Rough synopses of cargo ship types 
 General cargo vessels carry packaged items like chemicals, foods, furniture, machinery, motor- and military vehicles, footwear, garments, etc.
 Container ships (sometimes spelled containerships) are cargo ships that carry all of their load in truck-size intermodal containers, in a technique called containerization. They are a common means of commercial intermodal freight transport and now carry most seagoing non-bulk cargo. Container ship capacity is measured in twenty-foot equivalent units (TEU).
 Tankers carry petroleum products or other liquid cargo.
 Dry bulk carriers carry coal, grain, ore and other similar products in loose form.
 Multi-purpose vessels, as the name suggests, carry different classes of cargo – e.g. liquid and general cargo – at the same time.
 A Reefer, Reefer ships (or Refrigerated) ship is specifically designed and used for shipping perishable commodities which require temperature-controlled, mostly fruits, meat, fish, vegetables, dairy products and other foodstuffs.
 Roll-on/roll-off (RORO or ro-ro) ships are designed to carry wheeled cargo, such as cars, trucks, semi-trailer trucks, trailers, and railroad cars, that are driven on and off the ship on their own wheels.

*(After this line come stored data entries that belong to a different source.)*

(* Let $n,k,l$ be nonnegative integers with $k+l\le n$, and $\alpha,\beta>-1$. The constrained dual Bernstein polynomials have the B\'ezier–Bernstein representation \[ D^{(n,k,l)}_i(x;\alpha,\beta)=\sum_{j=k}^{n-l}C_{ij}(n,k,l,\alpha,\beta)\,B^n_j(x)\qquad(k\le i\le n-l), \] where \[ C_{ij}(n,k,l,\alpha,\beta):=U_i\,U_j\,c_{i-k,\,j-k}(n-k-l,\ \alpha+2l,\ \beta+2k),\qquad U_i:=\binom{n-k-l}{i-k}\binom{n}{i}^{-1}, \] and $c_{pq}(N,a,b)$ denotes the B\'ezier coefficients of the unconstrained dual Bernstein polynomials, $D^N_p(x;a,b)=\sum_{q=0}^N c_{pq}(N,a,b)B^N_q(x)$ (explicitly, $c_{pq}(N,a,b)=\frac{1}{B(a+1,b+1)}\sum_{m=0}^N\frac{(2m/(a+b+1)+1)(b+1)_m(a+b+1)_m}{m!\,(a+1)_m}Q_m(p;b,a,N)Q_m(q;b,a,N)$).
   Context: For $a,b>-1$ define the inner product $\langle f,g\rangle_{a,b}:=\int_0^1(1-x)^{a}x^{b}f(x)g(x)\,dx$. Bernstein polynomials: $B^n_i(x)=\binom ni x^i(1-x)^{n-i}$. The unconstrained dual Bernstein polynomials $D^N_p(x;a,b)$, $0\le p\le N$, are the unique polynomials of degree $\le N$ with $\langle D^N_p,B^N_q\rangle_{a,b}=\delta_{pq}$. For $k+l\le n$, $\Pi_n^{(k,l)}$ is the space of polynomials $P$ of degree $\le n$ with $P^{(i)}(0)=0$ for $0\le i\le k-1$ and $P^{(j)}(1)=0$ for $0\le j\le l-1$; it has basis $B^n_k,\ldots,B^n_{n-l}$. The constrained dual Bernstein polynomials $D^{(n,k,l)}_i(x;\alpha,\beta)\in\Pi_n^{(k,l)}$, $k\le i\le n-l$, are the unique elements of $\Pi_n^{(k,l)}$ with $\langle D^{(n,k,l)}_i,B^n_j\rangle_{\alpha,\beta}=\delta_{ij}$ for $i,j=k,\ldots,n-l$. Notation: $(c)_k:=\prod_{j=0}^{k-1}(c+j)$; $B(\lambda,\mu)$ is the beta function; Hahn polynomials $Q_m(x;a,b,N):={}_3F_2(-m,m+a+b+1,-x;a+1,-N;1)$. *)

From Stdlib Require Import Reals Lra Lia.
Open Scope R_scope.

Definition rsum (m n : nat) (f : nat -> R) : R :=
  if (n <? m)%nat then 0 else sum_f_R0 (fun j => f (m + j)%nat) (n - m).

Definition Bern (n i : nat) (x : R) : R := C n i * x ^ i * (1 - x) ^ (n - i).

Definition weight (a b x : R) : R := Rpower (1 - x) a * Rpower x b.

Definition improper_int01 (h : R -> R) (v : R) : Prop :=
  forall eps, 0 < eps -> exists delta, 0 < delta /\
    forall s t, 0 < s < delta -> 1 - delta < t < 1 ->
      exists pr : Riemann_integrable h s t, Rabs (RiemannInt pr - v) < eps.

Definition wip (a b : R) (f g : R -> R) (v : R) : Prop :=
  improper_int01 (fun x => weight a b x * f x * g x) v.

Definition kron (i j : nat) : R := if Nat.eqb i j then 1 else 0.

Fixpoint ffR (m i : nat) : R :=
  match i with
  | O => 1
  | S i' => ffR m i' * (INR m - INR i')
  end.

(* value at x of the i-th derivative of the polynomial sum_{m=0}^n d m x^m *)
Definition pderiv (d : nat -> R) (n i : nat) (x : R) : R :=
  sum_f_R0 (fun m => d m * ffR m i * x ^ (m - i)) n.

Definition is_poly_le (n : nat) (f : R -> R) : Prop :=
  exists d : nat -> R, forall x, f x = sum_f_R0 (fun m => d m * x ^ m) n.

Definition in_Pi (n k l : nat) (f : R -> R) : Prop :=
  exists d : nat -> R,
    (forall x, f x = sum_f_R0 (fun m => d m * x ^ m) n) /\
    (forall i, (i < k)%nat -> pderiv d n i 0 = 0) /\
    (forall j, (j < l)%nat -> pderiv d n j 1 = 0).

Definition is_udual (N : nat) (a b : R) (p : nat) (D : R -> R) : Prop :=
  is_poly_le N D /\
  forall q, (q <= N)%nat -> wip a b D (Bern N q) (kron p q).

Definition is_cdual (n k l : nat) (al be : R) (i : nat) (D : R -> R) : Prop :=
  in_Pi n k l D /\
  forall j, (k <= j <= n - l)%nat -> wip al be D (Bern n j) (kron i j).

Definition U (n k l i : nat) : R := C (n - k - l) (i - k) / C n i.

(* C_ij(n,k,l,al,be) given the Bezier coefficients c of the unconstrained
   duals for (N,a,b) = (n-k-l, al+2l, be+2k) *)
Definition Ccoef (c : nat -> nat -> R) (n k l i j : nat) : R :=
  U n k l i * U n k l j * c (i - k)%nat (j - k)%nat.

(* Write N = n-k-l.  The proof rests on the factorisation
       Pi_n^(k,l) = { x^k (1-x)^l h(x) : deg h <= N },
   together with U_j B^n_j(x) = x^k (1-x)^l B^N_(j-k)(x) and the identity
   (1-x)^a x^b (x^k (1-x)^l)^2 = (1-x)^(a+2l) x^(b+2k) for the weights.

   Existence: if g = D^N_(i-k)(.; al+2l, be+2k), then
   U_i x^k (1-x)^l g(x) lies in Pi_n^(k,l) and its weighted inner product
   with B^n_j equals (U_i/U_j) <g, B^N_(j-k)>_(al+2l,be+2k) = delta_ij; its
   Bernstein expansion is exactly sum_j C_ij B^n_j.
   Uniqueness: the difference E of two duals lies in Pi_n^(k,l), hence in
   the span of B^n_k, ..., B^n_(n-l), so <E,E>_(al,be) = 0; as the weight is
   positive and E continuous, E vanishes on (0,1) and thus everywhere. *)

From Stdlib Require Import Reals Lra Lia FunctionalExtensionality.
Open Scope R_scope.

Lemma sum_zero (f : nat -> R) (N : nat) :
  (forall m, (m <= N)%nat -> f m = 0) -> sum_f_R0 f N = 0.
Proof.
  induction N as [|N IH]; intros Hf; simpl.
  - apply Hf; lia.
  - rewrite IH by (intros; apply Hf; lia). rewrite Hf by lia. ring.
Qed.

Lemma sum_single (f : nat -> R) (n i : nat) :
  (i <= n)%nat -> (forall m, m <> i -> f m = 0) -> sum_f_R0 f n = f i.
Proof.
  induction n as [|n IH]; intros Hi Hf.
  - replace i with 0%nat by lia. reflexivity.
  - simpl. destruct (Nat.eq_dec i (S n)) as [->|Hne].
    + rewrite sum_zero by (intros; apply Hf; lia). ring.
    + rewrite IH by (auto; lia). rewrite (Hf (S n)) by lia. ring.
Qed.

Lemma sum_drop_prefix (k : nat) : forall (f : nat -> R) (n : nat),
  (k <= n)%nat -> (forall t, (t < k)%nat -> f t = 0) ->
  sum_f_R0 f n = sum_f_R0 (fun r => f (k + r)%nat) (n - k).
Proof.
  induction k as [|k IH]; intros f n Hk Hf.
  - rewrite Nat.sub_0_r. reflexivity.
  - rewrite decomp_sum, Hf, Rplus_0_l by lia.
    rewrite (IH (fun t => f (S t)) (pred n)) by (lia || intros; apply Hf; lia).
    replace (n - S k)%nat with (pred n - k)%nat by lia. reflexivity.
Qed.

Lemma ffR_S (m j : nat) : ffR (S m) (S j) = INR (S m) * ffR m j.
Proof.
  revert m. induction j as [|j IH]; intros m.
  - simpl. ring.
  - change (ffR (S m) (S j) * (INR (S m) - INR (S j)) =
            INR (S m) * (ffR m j * (INR m - INR j))).
    rewrite IH, !S_INR. ring.
Qed.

Specialized cargo ship types 
Specialized types of cargo vessels include container ships and bulk carriers (technically tankers of all sizes are cargo ships, although they are routinely thought of as a separate category). Cargo ships fall into two further categories that reflect the services they offer to industry: liner and tramp services.  Those on a fixed published schedule and fixed tariff rates are cargo liners. Tramp ships do not have fixed schedules. Users charter them to haul loads. Generally, the smaller shipping companies and private individuals operate tramp ships. Cargo liners run on fixed schedules published by the shipping companies. Each trip a liner takes is called a voyage. Liners mostly carry general cargo. However, some cargo liners may carry passengers also. A cargo liner that carries 12 or more passengers is called a combination or passenger-run-cargo line.

Size categories 
Cargo ships are categorized partly by cargo or shipping capacity (tonnage), partly by weight (deadweight tonnage DWT), and partly by dimensions. Maximum dimensions such as length and width (beam) limit the canal locks a ship can fit in, water depth (draft) is a limitation for canals, shallow straits or harbors and height is a limitation in order to pass under bridges. Common categories include:

 Dry cargo
 Small Handy size, carriers of 20,000–
Seawaymax,  the largest vessel that can traverse the St Lawrence Seaway. These are vessels less than  in length,  wide, and have a draft less than  and a height above the waterline no more than .
 Handy size, carriers of 28,000–
 Handymax, carriers of 40,000–
 Panamax, the largest size that can traverse the original locks of the Panama Canal, a  length, a  width, and a  draft as well as a height limit of . Limited to  loaded,  empty.
 Neopanamax, upgraded Panama locks with  length,  beam,  draft, 
 Capesize, vessels larger than Suezmax and Neopanamax, and must traverse Cape Agulhas and Cape Horn to travel between oceans, dimension: about 170,000 DWT, 290 m long, 45 m beam (wide), 18m draught (under water depth).
 Chinamax, carriers of 380,000– up to  draft,  beam and  length; these dimensions are limited by port infrastructure in China
 Baltimax, limitedby the Great Belt. The limit is a draft of 15.4 metres and an air draft of 65 metres (limited by the clearance of the east bridge of the Great Belt Fixed Link). The length can be around 240 m and the width around 42 m. This gives a weight of around 100,000 metric ton.

 Wet cargo
Aframax, oil tankers between 75,000 and . This is the largest size defined by the average freight rate assessment (AFRA) scheme.
 Q-Max,  liquefied natural gas carrier for Qatar exports. A ship of Q-Max size is  long and measures  wide and  high, with a shallow draft of approximately . 
 Suezmax, typically ships of about , maximum dimensions are a beam of , a draft of  as well as a height limit of  can traverse the Suez Canal
 VLCC (Very Large Crude Carrier), supertankers between 150,000 and .
 Malaccamax, ships with a draft less than  that can traverse the Strait of Malacca, typically . 
 ULCC (Ultra Large Crude Carrier), enormous supertankers between 320,000 and 

The TI-class supertanker is an Ultra Large Crude Carrier, with a draft that is deeper than Suezmax, Malaccamax and Neopanamax. This causes Atlantic/Pacific routes to be very long, such as the long voyages south of Cape of Good Hope or south of Cape Horn to transit between Atlantic and Pacific oceans.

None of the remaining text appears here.